Tom Lendacky <thomas.lendacky@xxxxxxx> · Tue, 14 Jan 2025 10:30:40 -0600

On 1/14/25 09:47, Rik van Riel wrote:
> On Tue, 2025-01-14 at 09:23 -0600, Tom Lendacky wrote:
>> On 1/14/25 09:05, Dave Hansen wrote:
>>> On 1/14/25 06:29, Tom Lendacky wrote:
>>>>> Given the choice between "a bug in the calling code
>>>>> crashes the kernel" and "a bug in the calling code
>>>>> results in a missed TLB flush", I'm guessing the
>>>>> crash is probably better.
>>>> So instead of the negative number protection, shouldn't this just
>>>> use an
>>>> unsigned int for extra_count and panic() if the value is greater
>>>> than
>>>> invlpgb_count_max? The caller has some sort of logic problem and
>>>> it
>>>> could possibly result in missed TLB flushes. Or if a panic() is
>>>> out of
>>>> the question, maybe a WARN() and a full TLB flush to be safe?
>>>
>>> The current implementation will panic in the #GP handler though.

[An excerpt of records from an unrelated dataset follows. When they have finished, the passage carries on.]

(* Let $d\ge2$, $n\ge1$. For every $n$-qudit unitary $U$, $$\mathrm{CiS}[U]=\max_{O:\ \|O\|_2=1,\ \mathrm{Tr}(O)=0}\big|I[UOU^\dagger]-I[O]\big|.$$
   Context: Let $V=\mathbb{Z}_d\times\mathbb{Z}_d$; for $a=(s,t)\in V$, $P_a=X^sZ^t$ with $X|j\rangle=|j+1\bmod d\rangle$, $Z|j\rangle=e^{2\pi ij/d}|j\rangle$; $P_{\vec a}=\bigotimes_iP_{a_i}$, $|\vec a|=\#\{i:a_i\ne(0,0)\}$. $\|A\|_2=(d^{-n}\mathrm{Tr}(A^\dagger A))^{1/2}$. For $\|O\|_2=1$, $P_O[\vec a]=d^{-2n}|\mathrm{Tr}(OP_{\vec a})|^2$, $I[O]=\sum_{\vec a}|\vec a|P_O[\vec a]$, and $\mathrm{CiS}[U]=\max_{O:\|O\|_2=1}|I[UOU^\dagger]-I[O]|$. *)

From HB Require Import structures.
From mathcomp Require Import all_boot all_order all_algebra.
From mathcomp Require Import complex.
From mathcomp Require Import boolp classical_sets reals trigo.
Set Implicit Arguments. Unset Strict Implicit. Unset Printing Implicit Defensive.
Import Order.TTheory GRing.Theory Num.Theory.
Local Open Scope ring_scope.
Local Open Scope complex_scope.
Local Open Scope classical_set_scope.

Section Qudits.
Variable R : realType.
Notation C := (R[i]).
Variables (n d : nat).

Definition basis := {ffun 'I_n -> 'I_d}.
(* an operator on (C^d)^{\otimes n}, given by its matrix entries <x|A|y> *)
Definition op := basis -> basis -> C.

Definition op_mul (A B : op) : op := fun x y => \sum_(z : basis) A x z * B z y.
Definition op_adj (A : op) : op := fun x y => (A y x)^*.
Definition op_id : op := fun x y => (x == y)%:R.
Definition op_tr (A : op) : C := \sum_(x : basis) A x x.

Definition unitary (U : op) : Prop :=
  op_mul (op_adj U) U = op_id /\ op_mul U (op_adj U) = op_id.

Definition sqmod (z : C) : R := (complex.Re z) ^+ 2 + (complex.Im z) ^+ 2.

Definition norm2 (A : op) : R :=
  Num.sqrt ((d%:R ^+ n)^-1 * complex.Re (op_tr (op_mul (op_adj A) A))).

Definition omega : C := (cos (2 * pi / d%:R)) +i* (sin (2 * pi / d%:R)).

Definition pauli_label := {ffun 'I_n -> 'I_d * 'I_d}.

(* <k| X^s Z^t |j> = omega^(t j) [k = j + s mod d] *)
Definition qudit_pauli (s t : 'I_d) (k j : 'I_d) : C :=
  ((k : nat) == ((j + s) %% d)%N)%:R * omega ^+ (t * j)%N.

(* P_a = tensor product of the X^{s_i} Z^{t_i} *)
Definition pauli (a : pauli_label) : op :=
  fun x y => \prod_(i < n) qudit_pauli (a i).1 (a i).2 (x i) (y i).

Definition weight (a : pauli_label) : nat :=
  #|[set i : 'I_n | ((a i).1 != 0%N :> nat) || ((a i).2 != 0%N :> nat)]%SET|.

Definition pauli_weight (O : op) (a : pauli_label) : R :=
  (d%:R ^+ (2 * n))^-1 * sqmod (op_tr (op_mul O (pauli a))).

Definition influence (O : op) : R :=
  \sum_(a : pauli_label) (weight a)%:R * pauli_weight O a.

Definition conj_by (U O : op) : op := op_mul (op_mul U O) (op_adj U).

(* CiS[U] = max over ||O||_2 = 1 of |I[U O U^dag] - I[O]|  (max realized as sup) *)
Definition CiS (U : op) : R :=
  sup [set r : R | exists O : op, norm2 O = 1 /\
                     r = `|influence (conj_by U O) - influence O|].

Definition CiS_traceless (U : op) : R :=
  sup [set r : R | exists O : op, norm2 O = 1 /\ op_tr O = 0 /\
                     r = `|influence (conj_by U O) - influence O|].
End Qudits.

(* Adding a multiple of the identity to O changes neither I[O] nor I[U O U^dag]:
   every non-identity Pauli operator is traceless, and conjugation by U fixes the
   identity.  Scaling O by k multiplies both influences by k^2.  The traceless
   part O - (Tr O / d^n) I of a unit-norm O has ||.||_2 <= 1, so rescaling it to
   unit norm multiplies |I[U O U^dag] - I[O]| by a factor >= 1 (and if the
   traceless part vanishes, the gap is 0).  Hence every value in the supremum
   defining CiS[U] is dominated by a value attained on traceless operators. *)

From Pilot Require Import Defs.
From HB Require Import structures.
From mathcomp Require Import all_boot all_order all_algebra.
From mathcomp Require Import complex.
From mathcomp Require Import boolp classical_sets reals trigo.
From mathcomp Require Import ring lra.

Set Implicit Arguments. Unset Strict Implicit. Unset Printing Implicit Defensive.
Import Order.TTheory GRing.Theory Num.Theory.
Local Open Scope ring_scope.

Lemma sup_cofinal (R : realType) (S T : set R) :
  (T `<=` S)%classic -> (S `<=` down T)%classic -> sup S = sup T.
Proof.
move=> TS ST; rewrite -sup_down -[sup T]sup_down; congr sup.
apply/seteqP; split=> x /downP[y].
- by move=> /ST /downP[z Tz yz] xy; apply/downP; exists z; rewrite // (le_trans xy).
- by move=> /TS Sy xy; apply/downP; exists y.
Qed.

Lemma sum_delta (T : finType) (V : pzSemiRingType) (F : T -> V) (x : T) :
  \sum_z F z * (z == x)%:R = F x.
Proof. by rewrite (bigD1 x) //= eqxx mulr1 big1 ?addr0 // => z /negbTE ->; rewrite mulr0. Qed.

Lemma sum_expr_unity_root (F : idomainType) (z : F) (m : nat) :
  z ^+ m = 1 -> z != 1 -> \sum_(j < m) z ^+ j = 0.
Proof.
move=> zm z1; have /eqP : (z - 1) * \sum_(j < m) z ^+ j = 0 by rewrite -subrX1 zm subrr.
by rewrite mulf_eq0 subr_eq0 (negbTE z1) => /eqP.
Qed.

Local Open Scope complex_scope.

Section RootOfUnity.
Variables (R : realType) (d : nat).
Local Notation omega := (omega R d).

Lemma omega_expr k :
  omega ^+ k = cos (k%:R * (2 * pi / d%:R)) +i* sin (k%:R * (2 * pi / d%:R)).
Proof.
set th := 2 * pi / d%:R.
elim: k => [|k IH]; first by rewrite expr0 !mul0r cos0 sin0.
rewrite exprS IH /Defs.omega -/th -[k.+1%:R]natr1 mulrDl mul1r cosD sinD; simpc.
by congr (_ +i* _); ring.
Qed.

Lemma omega_exprd : (0 < d)%N -> omega ^+ d = 1.
Proof.
move=> d_gt0; rewrite omega_expr mulrC divfK ?pnatr_eq0 -?lt0n //.
by rewrite mulr_natl cos2pi sin2pi.
Qed.

Lemma omega_expr_neq1 t : (0 < t < d)%N -> omega ^+ t != 1.
Proof.
move=> /andP[t_gt0 t_lt_d]; apply/negP => /eqP; rewrite omega_expr => -[cos1 _].
have d_gt0 : 0 < d%:R :> R by rewrite ltr0n (ltn_trans t_gt0).
pose y : R := t%:R * pi / d%:R.
have y_gt0 : 0 < y by rewrite divr_gt0 // mulr_gt0 ?pi_gt0 ?ltr0n.
have y_lt_pi : y < pi by rewrite ltr_pdivrMr // mulrC ltr_pM2l ?pi_gt0 ?ltr_nat.
have ty : t%:R * (2 * pi / d%:R) = y *+ 2 by rewrite /y -mulr_natr; ring.
have : sin y ^+ 2 = 0 by move: cos1; rewrite ty cos_mulr2n sin2cos2; lra.
move/eqP; rewrite sqrf_eq0 => /eqP sin0.
suff : 0 < sin y by rewrite sin0 ltxx.
by apply: sin_gt0_pi; rewrite y_gt0.
Qed.
End RootOfUnity.

Section PauliTrace.
Variables (R : realType) (n d : nat).

Lemma qudit_pauli_trace (s t : 'I_d) : (s != 0 :> nat) || (t != 0 :> nat) ->
  \sum_(j : 'I_d) qudit_pauli R s t j j = 0.
Proof.
have [s0 /= t_neq0 | s_neq0 _] := eqVneq (s : nat) 0%N.
  have t_lt_d : (0 < t < d)%N by rewrite lt0n t_neq0 (ltn_ord t).
  rewrite (eq_bigr (fun j : 'I_d => (omega R d ^+ t) ^+ j)) => [|j _]; last first.
    by rewrite /qudit_pauli s0 addn0 modn_small // eqxx mul1r exprM.
  apply: sum_expr_unity_root; last exact: omega_expr_neq1.
  by rewrite -exprM mulnC exprM omega_exprd ?expr1n // (leq_ltn_trans _ (ltn_ord t)).
apply: big1 => j _; rewrite /qudit_pauli.
suff /negbTE -> : (j : nat) != ((j + s) %% d)%N by rewrite mul0r.
rewrite -{1}(modn_small (ltn_ord j)) -{1}[j : nat]addn0 eqn_modDl mod0n.
by rewrite modn_small // eq_sym.
Qed.

Lemma pauli_trace (a : pauli_label n d) : weight a != 0%N -> op_tr (pauli R a) = 0.
Proof.
rewrite /weight cards_eq0; case/set0Pn => i; rewrite inE => a_i.
rewrite /op_tr /pauli -(bigA_distr_bigA (fun i j => qudit_pauli R (a i).1 (a i).2 j j)).
by rewrite (bigD1 i) //= qudit_pauli_trace // mul0r.
Qed.
End PauliTrace.

Section ComplexSquaredModulus.
Variable R : realType.
Implicit Types z w : R[i].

It
>>> should be pretty easy to figure out that INVLPGB is involved with
>>> RIP or
>>> the Code: snippet. From there, you'd need to figure out what caused
>>> the #GP.
>>
>> Hmmm, maybe I'm missing something. IIUC, when a negative number is
>> supplied, the extra_count field will be set to 0 (via the max()
>> function) and allow the INVLPGB to continue. 0 is valid in ECX[15:0]
>> and
>> so the instruction won't #GP.
> 
> I added that at the request of somebody else :)
> 
> Let me remove it again, now that we seem to have a
> consensus that a panic is preferable to a wrong
> TLB flush.

I believe the instruction will #GP if any of the ECX[30:16] reserved
bits are non-zero (although the APM doesn't document that), in addition
to ECX[15:0] being greater than allowed. But what if 0x80000000 is
passed in. That would set ECX[31] with a zero count field, which is
valid for the instruction, but the input is obviously bogus.

I think the safest thing to do is make the extra_count parameter an
unsigned int and check if it is greater than invlpgb_count_max. Not sure
what to actually do at that point, though... panic()? WARN() with full
TLB flush?

Thanks,
Tom

>